Given records below:

(* Let $R$ be an exchange ring and $\alpha=[a_1\ a_2\ \cdots\ a_n]$ a right unimodular row over $R$ (i.e. $a_1R+\cdots+a_nR=R$), with $n\ge 2$. Then $\alpha$ can be transformed by a finite sequence of elementary column operations to a row $[b_1\ b_2\ \cdots\ b_n]$ such that $Rb_1R=R$ and $b_i\in a_iRa_i$ for all $i\ge 2$.
   Context: All rings are unital. A ring $R$ is an exchange ring if for every $a\in R$ there is an idempotent $e\in aR$ with $1-e\in(1-a)R$ (equivalently, $R_R$ has the finite exchange property). An elementary column operation on a row $[c_1\ \cdots\ c_n]$ replaces some entry $c_i$ by $c_i+c_jr$ for some $j\neq i$ and $r\in R$. *)

From HB Require Import structures.
From mathcomp Require Import all_boot all_order all_algebra.
Set Implicit Arguments. Unset Strict Implicit. Unset Printing Implicit Defensive.
Import GRing.Theory.
Local Open Scope ring_scope.

Definition exchange_ring (R : pzRingType) : Prop :=
  forall a : R, exists e : R,
    e * e = e /\ (exists r : R, e = a * r) /\ (exists s : R, 1 - e = (1 - a) * s).

Definition right_unimodular (R : pzRingType) (n : nat) (a : {ffun 'I_n -> R}) : Prop :=
  exists r : {ffun 'I_n -> R}, \sum_(i < n) a i * r i = 1.

Definition elem_col_op (R : pzRingType) (n : nat) (c c' : {ffun 'I_n -> R}) : Prop :=
  exists (i j : 'I_n) (r : R), i != j /\
    c' = [ffun k => if k == i then c i + c j * r else c k].

Inductive elem_col_reach (R : pzRingType) (n : nat) :
    {ffun 'I_n -> R} -> {ffun 'I_n -> R} -> Prop :=
  | ecr_refl c : elem_col_reach c c
  | ecr_step c c' c'' : elem_col_op c c' -> elem_col_reach c' c'' -> elem_col_reach c c''.

Definition full_twosided (R : pzRingType) (b : R) : Prop :=
  exists (m : nat) (x y : 'I_m -> R), \sum_(k < m) x k * b * y k = 1.

From HB Require Import structures.
From mathcomp Require Import all_boot all_order all_algebra.
Import GRing.Theory.
Local Open Scope ring_scope.
Set Implicit Arguments. Unset Strict Implicit. Unset Printing Implicit Defensive.

(* Write [sum_j c_j x_j = 1] and apply the exchange property to [c_i x_i]: this
   gives an idempotent [e in c_i x_i R] with [1 - e in (1 - c_i x_i)R], a right
   combination of the other entries. Adding [-(1 - e) c_i] to [c_i] by column
   operations leaves [e c_i in c_i R c_i], and the row stays unimodular. Doing
   this for every [i >= 2] and then adding [(1 - e)(1 - c_1)] to [c_1] instead
   yields [b_1] with [e b_1 = e c_1] and [(1 - e) b_1 = 1 - e], whence
   [e b_1 x_1 r + (1 - e) b_1 = e + (1 - e) = 1]. *)

Section ExchangeUnimodularRows.

Variables (R : pzRingType) (n : nat).
Hypothesis exR : exchange_ring R.
Implicit Types (a c w x : {ffun 'I_n -> R}) (i j : 'I_n).

Definition col_set c i (v : R) : {ffun 'I_n -> R} :=
  [ffun k => if k == i then v else c k].

Lemma col_set_id c i : col_set c i (c i) = c.
Proof. by apply/ffunP=> k; rewrite ffunE; case: eqP => // ->. Qed.

Lemma col_set_set c i u v : col_set (col_set c i u) i v = col_set c i v.
Proof. by apply/ffunP=> k; rewrite !ffunE; case: eqP. Qed.

Lemma sum_col_set c i v x :
  \sum_j col_set c i v j * x j = v * x i + \sum_(j | j != i) c j * x j.
Proof.
rewrite (bigD1 i) //= ffunE eqxx; congr (_ + _).
by apply: eq_bigr => j /negbTE ji; rewrite ffunE ji.
Qed.

Lemma elem_col_reach_trans a c c' :
  elem_col_reach a c -> elem_col_reach c c' -> elem_col_reach a c'.
Proof. by elim=> // c1 c2 c3 op12 _ IH /IH; apply: ecr_step. Qed.

Lemma elem_col_op_add c i j r :
  i != j -> elem_col_op c (col_set c i (c i + c j * r)).
Proof. by move=> ij; exists i, j, r. Qed.

Lemma elem_col_reach_add_sum c i w :
  elem_col_reach c (col_set c i (c i + \sum_(j | j != i) c j * w j)).
Proof.
suff reach_seq s :
    elem_col_reach c (col_set c i (c i + \sum_(j <- s | j != i) c j * w j)).
  exact: reach_seq.
elim: s => [|j s IH]; first by rewrite big_nil addr0 col_set_id; apply: ecr_refl.
rewrite big_cons; case: eqVneq => [_ //|ji].
apply: elem_col_reach_trans IH _.
set c' := col_set c i _.
have ij : i != j by rewrite eq_sym.
have /ecr_step := elem_col_op_add c' (w j) ij.
rewrite /c' col_set_set !ffunE eqxx (negbTE ji) (addrC (c j * w j)) addrA.
by apply; apply: ecr_refl.
Qed.

Lemma full_twosided_idempotent_split (e b y : R) :
  e * e = e -> e * b * y = e -> (1 - e) * b = 1 - e -> full_twosided b.
Proof.
move=> ee eby feb; exists 2%N, (fun k => if val k == 0%N then e else 1 - e),
  (fun k => if val k == 0%N then y else 1).
by rewrite big_ord_recr big_ord_recr big_ord0 /= add0r mulr1 eby feb addrC subrK.
Qed.

Lemma exchange_unimodular_split c x i :
  \sum_j c j * x j = 1 -> exists e r s, [/\ e * e = e, e = c i * x i * r
    & 1 - e = \sum_(j | j != i) c j * (x j * s)].
Proof.
move=> cx1; have [e [ee [[r er] [s es]]]] := exR (c i * x i).
exists e, r, s; split=> //.
rewrite es -cx1 (bigD1 i) //= addrC addrK big_distrl /=.
by apply: eq_bigr => j _; rewrite mulrA.
Qed.

Lemma elem_col_reach_corner c i : right_unimodular c ->
  exists c', [/\ elem_col_reach c c', right_unimodular c',
    exists t, c' i = c i * t * c i & forall j, j != i -> c' j = c j].
Proof.
move=> [x cx1]; have [e [r [s [ee er es]]]] := exchange_unimodular_split i cx1.
pose w := [ffun j => - (x j * s * c i)].
have ec : c i + \sum_(j | j != i) c j * w j = e * c i.
  rewrite (eq_bigr (fun j => - (c j * (x j * s)) * c i)); last first.
    by move=> j _; rewrite ffunE mulrN mulNr !mulrA.
  by rewrite -big_distrl /= sumrN -es mulNr mulrBl mul1r opprB addrC subrK.
exists (col_set c i (c i + \sum_(j | j != i) c j * w j)); split.
- exact: elem_col_reach_add_sum.
- exists [ffun j => if j == i then x i * r else x j * s].
  rewrite sum_col_set ffunE eqxx ec -!mulrA [c i * _]mulrA -er ee.
  rewrite (eq_bigr (fun j => c j * (x j * s))) => [|j /negbTE ji].
    by rewrite -es addrC subrK.
  by rewrite ffunE ji.
- by exists (x i * r); rewrite ffunE eqxx ec er !mulrA.
- by move=> j /negbTE ji; rewrite ffunE ji.
Qed.

Lemma elem_col_reach_full c i : right_unimodular c ->
  exists b, [/\ elem_col_reach c b, full_twosided (b i)
    & forall j, j != i -> b j = c j].
Proof.
move=> [x cx1]; have [e [r [s [ee er es]]]] := exchange_unimodular_split i cx1.
pose w := [ffun j => x j * s * (1 - c i)].
pose b := col_set c i (c i + \sum_(j | j != i) c j * w j).
have bi : b i = c i + (1 - e) * (1 - c i).
  rewrite ffunE eqxx es big_distrl /=; congr (_ + _).
  by apply: eq_bigr => j _; rewrite ffunE !mulrA.
have e1e : e * (1 - e) = 0 by rewrite mulrBr mulr1 ee subrr.
exists b; split.
- exact: elem_col_reach_add_sum.
- apply: (full_twosided_idempotent_split (y := x i * r) ee).
  + by rewrite bi mulrDr (mulrA e) e1e mul0r addr0 -!mulrA [c i * _]mulrA -er ee.
  + have f1f : (1 - e) * (1 - e) = 1 - e by rewrite mulrBl mul1r e1e subr0.
    by rewrite bi mulrDr (mulrA (1 - e)) f1f -mulrDr subrKC mulr1.
- by move=> j /negbTE ji; rewrite ffunE ji.
Qed.

Lemma elem_col_reach_corners a (s : seq 'I_n) : right_unimodular a ->
  exists c, [/\ elem_col_reach a c, right_unimodular c,
    forall j, j \in s -> exists r, c j = a j * r * a j
    & forall j, j \notin s -> c j = a j].
Proof.
move=> ua; elim: s => [|i s [c [ac uc cs cs']]].
  by exists a; split=> //; apply: ecr_refl.
have [c' [cc' uc' [t c'i] c'j]] := elem_col_reach_corner i uc.
exists c'; split=> [||j|j].
- exact: elem_col_reach_trans ac cc'.
- exact: uc'.
- rewrite in_cons; case: eqVneq => [-> _ | ji /= js].
    rewrite c'i; have [/cs[u ->] | /cs' ->] := boolP (i \in s); last by exists t.
    by exists (u * a i * t * a i * u); rewrite !mulrA.
  by rewrite c'j //; apply: cs.
- by rewrite in_cons negb_or => /andP[ji js]; rewrite c'j ?cs'.
Qed.

End ExchangeUnimodularRows.

Theorem corollary2p5 (R : pzRingType) (n : nat) (a : {ffun 'I_n -> R}) :
  exchange_ring R -> (2 <= n)%N -> right_unimodular a ->
  exists b : {ffun 'I_n -> R},
    elem_col_reach a b /\
    (forall i : 'I_n, val i = 0%N -> full_twosided (b i)) /\
    (forall i : 'I_n, (1 <= val i)%N -> exists r : R, b i = a i * r * a i).
Proof.
move=> exR n_ge2 ua; pose i0 : 'I_n := Ordinal (ltnW n_ge2).
have [c [ac uc ca _]] :=
  elem_col_reach_corners exR [seq j <- enum 'I_n | j != i0] ua.
have [b [cb bfull bc]] := elem_col_reach_full exR i0 uc.
exists b; split; first exact: elem_col_reach_trans ac cb.
split=> [i /eqP i0E | i i_ge1].
  by have -> : i = i0 by apply/val_inj/eqP.
have ii0 : i != i0 by rewrite -val_eqE /= -lt0n.
by rewrite bc //; apply: ca; rewrite mem_filter mem_enum ii0.
Qed.
Lemma expsum_coef_eq0 (J : finType) (A : {set J}) (C lam : J -> R) (M Lam : R) :
  (forall t, t <= 0 ->
     `|\sum_(j in A) C j * expR (lam j * t)| <= M * expR (Lam * t)) ->
  forall mu, mu < Lam -> \sum_(j in A | lam j == mu) C j = 0.
Proof.
have [n] := ubnP #|A|; elim: n A => // n IH A A_lt bound mu mu_lt.
have [->|/set0Pn [j0 j0A]] := eqVneq A set0.
  by rewrite big_pred0 // => j; rewrite inE.
have [jm jmA jm_min] := @arg_minP _ R J j0 (mem A) lam j0A.
have {}jmA : jm \in A := jmA.
set mu0 := lam jm in jm_min.
have [Lam_le|mu0_lt] := leP Lam mu0.
  rewrite big1 // => j /andP[jA /eqP lam_j]; have := jm_min j jA; lra.
pose G := [set j in A | lam j == mu0].
pose A' := A :\: G.
have lam_A' j : j \in A' -> mu0 < lam j.
  rewrite !inE negb_and => /andP[/orP[/negP //|ne] jA].
  by rewrite lt_neqAle eq_sym ne jm_min.
have sum_A t : \sum_(j in A) C j * expR (lam j * t) =
    (\sum_(j in G) C j) * expR (mu0 * t) + \sum_(j in A') C j * expR (lam j * t).
  have G_sub : G \subset A by apply/subsetP => j; rewrite inE => /andP[].
  rewrite (big_setID G) /= mulr_suml (setIidPr G_sub).
  by congr (_ + _); apply: eq_bigr => j; rewrite inE => /andP[_ /eqP ->].
have G_eq0 : \sum_(j in G) C j = 0.
  apply: (@expsum_const_eq0 J A' C (fun j => lam j - mu0) _ M (Lam - mu0)).
  - by rewrite subr_gt0.
  - by move=> j /lam_A'; rewrite subr_gt0.
  move=> t t_le0; have e_gt0 := expR_gt0 (mu0 * t).
  have shift (a : R) : expR ((a - mu0) * t) * expR (mu0 * t) = expR (a * t).
    by rewrite -expRD mulrBl subrK.
  rewrite -(ler_pM2r e_gt0) -{1}(ger0_norm (ltW e_gt0)) -normrM -mulrA shift.
  rewrite mulrDl [X in _ + X]mulr_suml.
  under [X in _ + X]eq_bigr => j _ do rewrite -mulrA shift.
  by rewrite -sum_A; exact: bound.
have A'_lt : (#|A'| < n)%N.
  rewrite -ltnS (leq_trans _ A_lt) // ltnS proper_card // properEneq subsetDl andbT.
  by apply/eqP => /setP /(_ jm); rewrite !inE jmA eqxx.
have bound' t : t <= 0 ->
    `|\sum_(j in A') C j * expR (lam j * t)| <= M * expR (Lam * t).
  by move=> t_le0; have := bound t t_le0; rewrite sum_A G_eq0 mul0r add0r.
rewrite (big_setIDcond _ _ G) /= (IH A' A'_lt bound' mu mu_lt) addr0.
have [->|ne] := eqVneq mu mu0.
  by rewrite -[RHS]G_eq0; apply: eq_bigl => j; rewrite !inE; case: (j \in A); case: eqP.
rewrite big1 // => j; rewrite !inE => /andP[/andP[_ /andP[_ /eqP ->]] /eqP eq_mu].
by rewrite eq_mu eqxx in ne.
Qed.

End ExponentialSums.

Lemma geom_expansion (F : fieldType) (w : F) (K : nat) : 1 + w != 0 ->
  w / (1 + w) =
  \sum_(k < K) (-1) ^+ k * w ^+ k.+1 + (-1) ^+ K * w ^+ K.+1 / (1 + w).
Proof.
move=> w1_neq0; elim: K => [|K IH]; first by rewrite big_ord0 add0r mul1r.
by rewrite big_ord_recr /= IH -addrA; congr (_ + _); rewrite !exprS; field.
Qed.

Lemma geom_remainder_le (R : realFieldType) (w : R) (K : nat) : 0 <= w ->
  `|w / (1 + w) - \sum_(k < K) (-1) ^+ k * w ^+ k.+1| <= w ^+ K.+1.
Proof.
move=> w_ge0; have w1_gt0 : 0 < 1 + w by rewrite ltr_pwDl.
rewrite (geom_expansion K (lt0r_neq0 w1_gt0)) addrC addKr -mulrA normrM.
rewrite normr_sign mul1r ger0_norm; last by rewrite divr_ge0 ?exprn_ge0 // ltW.
by rewrite ler_pdivrMr // ler_peMr ?exprn_ge0 // lerDl.
Qed.
(* Let $r,u>0$, $0<\alpha\le 2$, $\eta>0$ and $s\in\mathbb{C}\setminus\{0\}$. Then there exists $M>0$ such that \[ F^{\alpha}_{s,r}\circ F^{\alpha}_{us,u}=F^{\alpha}_{us,ur}\quad\text{on }\Gamma_{\eta,M} \] (all three functions, and the composition, being well defined there).
   Context: Branch conventions: for $w\in\mathbb{C}\setminus[0,\infty)$ and $p\in\{\alpha,1/\alpha\}$, $w^{p}:=e^{p\log_{(1)}w}$, where $\log_{(1)}$ is the branch of the logarithm with imaginary part in $(0,2\pi)$; for $w\in\mathbb{C}\setminus(-\infty,0]$, $w^{1/r}:=e^{\frac1r\operatorname{Log}w}$ with the principal logarithm (imaginary part in $(-\pi,\pi)$); $r^{1/\alpha}>0$ denotes the positive root. For $\eta,M>0$ let $\Gamma_{\eta,M}=\{z\in\mathbb{C}:\operatorname{Im}z>M,\ \operatorname{Im}z>\eta|\operatorname{Re}z|\}$. For $0<\alpha\le2$, $r>0$, $s\in\mathbb{C}\setminus\{0\}$ define \[ G^{\alpha}_{s,r}(z)=-r^{1/\alpha}\left(\frac{1-\big(1-s(-\tfrac1z)^{\alpha}\big)^{1/r}}{s}\right)^{1/\alpha}. \] For every $\eta>0$ there is $M>0$ such that on $\Gamma_{\eta,M}$ every power in this formula is applied to a point in the domain of its branch, so $G^\alpha_{s,r}$ is analytic and nonvanishing there; set $F^{\alpha}_{s,r}:=1/G^{\alpha}_{s,r}$ on such a domain. *)

From Stdlib Require Import Reals Lra.
Open Scope R_scope.

Definition CC : Type := (R * R)%type.
Definition Re (z : CC) : R := fst z.
Definition Im (z : CC) : R := snd z.
Definition RtoC (x : R) : CC := (x, 0).
Definition C0 : CC := (0, 0).
Definition C1 : CC := (1, 0).
Definition Cadd (z w : CC) : CC := (Re z + Re w, Im z + Im w).
Definition Copp (z : CC) : CC := (- Re z, - Im z).
Definition Csub (z w : CC) : CC := Cadd z (Copp w).
Definition Cmul (z w : CC) : CC :=
  (Re z * Re w - Im z * Im w, Re z * Im w + Im z * Re w).
Definition Cnorm2 (z : CC) : R := Re z * Re z + Im z * Im z.
Definition Cinv (z : CC) : CC := (Re z / Cnorm2 z, - Im z / Cnorm2 z).
Definition Cdiv (z w : CC) : CC := Cmul z (Cinv w).
Definition Cabs (z : CC) : R := sqrt (Cnorm2 z).
Definition Cexp (z : CC) : CC := (exp (Re z) * cos (Im z), exp (Re z) * sin (Im z)).

(** Principal argument, with values in (-PI, PI] (and 0 at 0). *)
Definition Arg (z : CC) : R :=
  let x := Re z in let y := Im z in
  if Rlt_dec 0 x then atan (y / x)
  else if Rlt_dec x 0 then
         (if Rle_dec 0 y then atan (y / x) + PI else atan (y / x) - PI)
  else if Rlt_dec 0 y then PI / 2
  else if Rlt_dec y 0 then - (PI / 2)
  else 0.

(** Principal logarithm Log (imaginary part in (-PI, PI) on CC \ (-oo,0]). *)
Definition Clog_princ (w : CC) : CC := (ln (Cabs w), Arg w).

(** The branch log_(1): imaginary part in (0, 2 PI) on CC \ [0, +oo). *)
Definition arg1 (w : CC) : R := if Rlt_dec 0 (Arg w) then Arg w else Arg w + 2 * PI.
Definition Clog1 (w : CC) : CC := (ln (Cabs w), arg1 w).
(* Let $G$ be a trigraph containing an OR gadget with inputs $V^1=\{x^1,y^1\}\cup V(F^1)$ and $V^2=\{x^2,y^2\}\cup V(F^2)$ (notation $a,b,c,d,e$ as in the context), where all fence gadgets involved satisfy the attachment rule in $G$. In any partial $4$-sequence from $G$, both the contraction merging $a$ and $b$ and the contraction merging $c$ and $d$ are preceded by the contraction merging $x^1$ and $y^1$ or by the contraction merging $x^2$ and $y^2$.
   Context: A trigraph $G$ consists of a vertex set $V(G)$ and two disjoint sets of unordered pairs of distinct vertices: black edges and red edges; the red graph is formed by the red edges. Contracting two distinct vertices $u,v$ replaces them by a new vertex $w$ such that, for every other vertex $z$, $wz$ is black if $uz,vz$ are both black, a non-edge if both are non-edges, and red otherwise. A partial $d$-sequence from $G$ is a sequence of trigraphs starting at $G$, each obtained from the previous by one contraction, all of maximum red degree at most $d$; each vertex of a later trigraph corresponds to the set (part) of vertices of $G$ merged into it, and ''the contraction merging $p$ and $q$'' is the contraction after which $p,q$ first lie in a common part. A fence gadget is a trigraph $F$ on $A\cup B$, $A=\{a_1,\dots,a_6\}$, $B=\{b_1,\dots,b_6\}$, whose black edges are those of the cycles $a_1a_2a_3a_4a_5a_6a_1$ and $b_1b_2b_3b_4b_5b_6b_1$ together with $b_1a_6$, and whose red edges are $a_ib_i$ for $i\in[6]$ and $a_ib_{i+1}$ for $i\in[5]$. Inside a trigraph $G$, $F$ is attached to a nonempty set $S\subseteq V(G)\setminus V(F)$ if every vertex of $A$ is joined by a black edge to every vertex of $S$ and no vertex of $B$ is adjacent to a vertex of $S$. $F$ satisfies the attachment rule in $G$ if $V(F)$ is the vertex set of a connected component of the red graph of $G$ and there is a set $X\subseteq V(G)\setminus(V(F)\cup S)$ such that every vertex of $A$ has exactly $X\cup S$ as its set of neighbours outside $V(F)$, every vertex of $B$ has exactly $X$ as its set of neighbours outside $V(F)$ (all these edges black), and every vertex of $X$ is adjacent to every vertex of $S$. A vertical set is a set $\{x,y\}\cup V(F)$ where $F$ is a fence gadget attached to $\{x,y\}$; $\{x,y\}$ is its vertical pair. An OR gadget with inputs $V^1,V^2$ and output $V^3=\{x^3,y^3\}\cup V(F^3)$ (vertical sets) consists of: two vertical sets $\{a,b\}\cup V(F_{ab})$ and $\{c,d\}\cup V(F_{cd})$; black edges $ac$ and $bd$; a vertex $e$ adjacent exactly to $a$ and $c$ within the gadget; and a fence gadget $F_o$ attached to $\{a,b,c,d,e\}\cup V(F_{ab})\cup V(F_{cd})$. Furthermore $a$ is adjacent to $x^1$ and $y^1$ (not to $F^1$), $c$ is adjacent to $x^2$ and $y^2$ (not to $F^2$), and $x^3$ is adjacent to every vertex of the gadget (including $V(F_o)$), while $y^3$ has no neighbour in the gadget; there are no other edges between the gadget and $V^1\cup V^2\cup V^3$. *)

From mathcomp Require Import all_boot.
Set Implicit Arguments. Unset Strict Implicit. Unset Printing Implicit Defensive.

Record trigraph (U : finType) := Trigraph {
  tV : {set U};
  tbl : rel U;
  trd : rel U }.

Section Trigraphs.
Variable U : finType.

Definition tadj (H : trigraph U) (x y : U) := tbl H x y || trd H x y.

End of Given records.

▶ **Directions**: Output the lines of the records above exactly as they appear, from the line containing "From Stdlib Require Import Reals Lra." through the line containing "Definition Clog1 (w".

▶ **Response to this exercise**:
From Stdlib Require Import Reals Lra.
Open Scope R_scope.

Definition CC : Type := (R * R)%type.
Definition Re (z : CC) : R := fst z.
Definition Im (z : CC) : R := snd z.
Definition RtoC (x : R) : CC := (x, 0).
Definition C0 : CC := (0, 0).
Definition C1 : CC := (1, 0).
Definition Cadd (z w : CC) : CC := (Re z + Re w, Im z + Im w).
Definition Copp (z : CC) : CC := (- Re z, - Im z).
Definition Csub (z w : CC) : CC := Cadd z (Copp w).
Definition Cmul (z w : CC) : CC :=
  (Re z * Re w - Im z * Im w, Re z * Im w + Im z * Re w).
Definition Cnorm2 (z : CC) : R := Re z * Re z + Im z * Im z.
Definition Cinv (z : CC) : CC := (Re z / Cnorm2 z, - Im z / Cnorm2 z).
Definition Cdiv (z w : CC) : CC := Cmul z (Cinv w).
Definition Cabs (z : CC) : R := sqrt (Cnorm2 z).
Definition Cexp (z : CC) : CC := (exp (Re z) * cos (Im z), exp (Re z) * sin (Im z)).

(** Principal argument, with values in (-PI, PI] (and 0 at 0). *)
Definition Arg (z : CC) : R :=
  let x := Re z in let y := Im z in
  if Rlt_dec 0 x then atan (y / x)
  else if Rlt_dec x 0 then
         (if Rle_dec 0 y then atan (y / x) + PI else atan (y / x) - PI)
  else if Rlt_dec 0 y then PI / 2
  else if Rlt_dec y 0 then - (PI / 2)
  else 0.

(** Principal logarithm Log (imaginary part in (-PI, PI) on CC \ (-oo,0]). *)
Definition Clog_princ (w : CC) : CC := (ln (Cabs w), Arg w).

(** The branch log_(1): imaginary part in (0, 2 PI) on CC \ [0, +oo). *)
Definition arg1 (w : CC) : R := if Rlt_dec 0 (Arg w) then Arg w else Arg w + 2 * PI.
Definition Clog1 (w : CC) : CC := (ln (Cabs w), arg1 w).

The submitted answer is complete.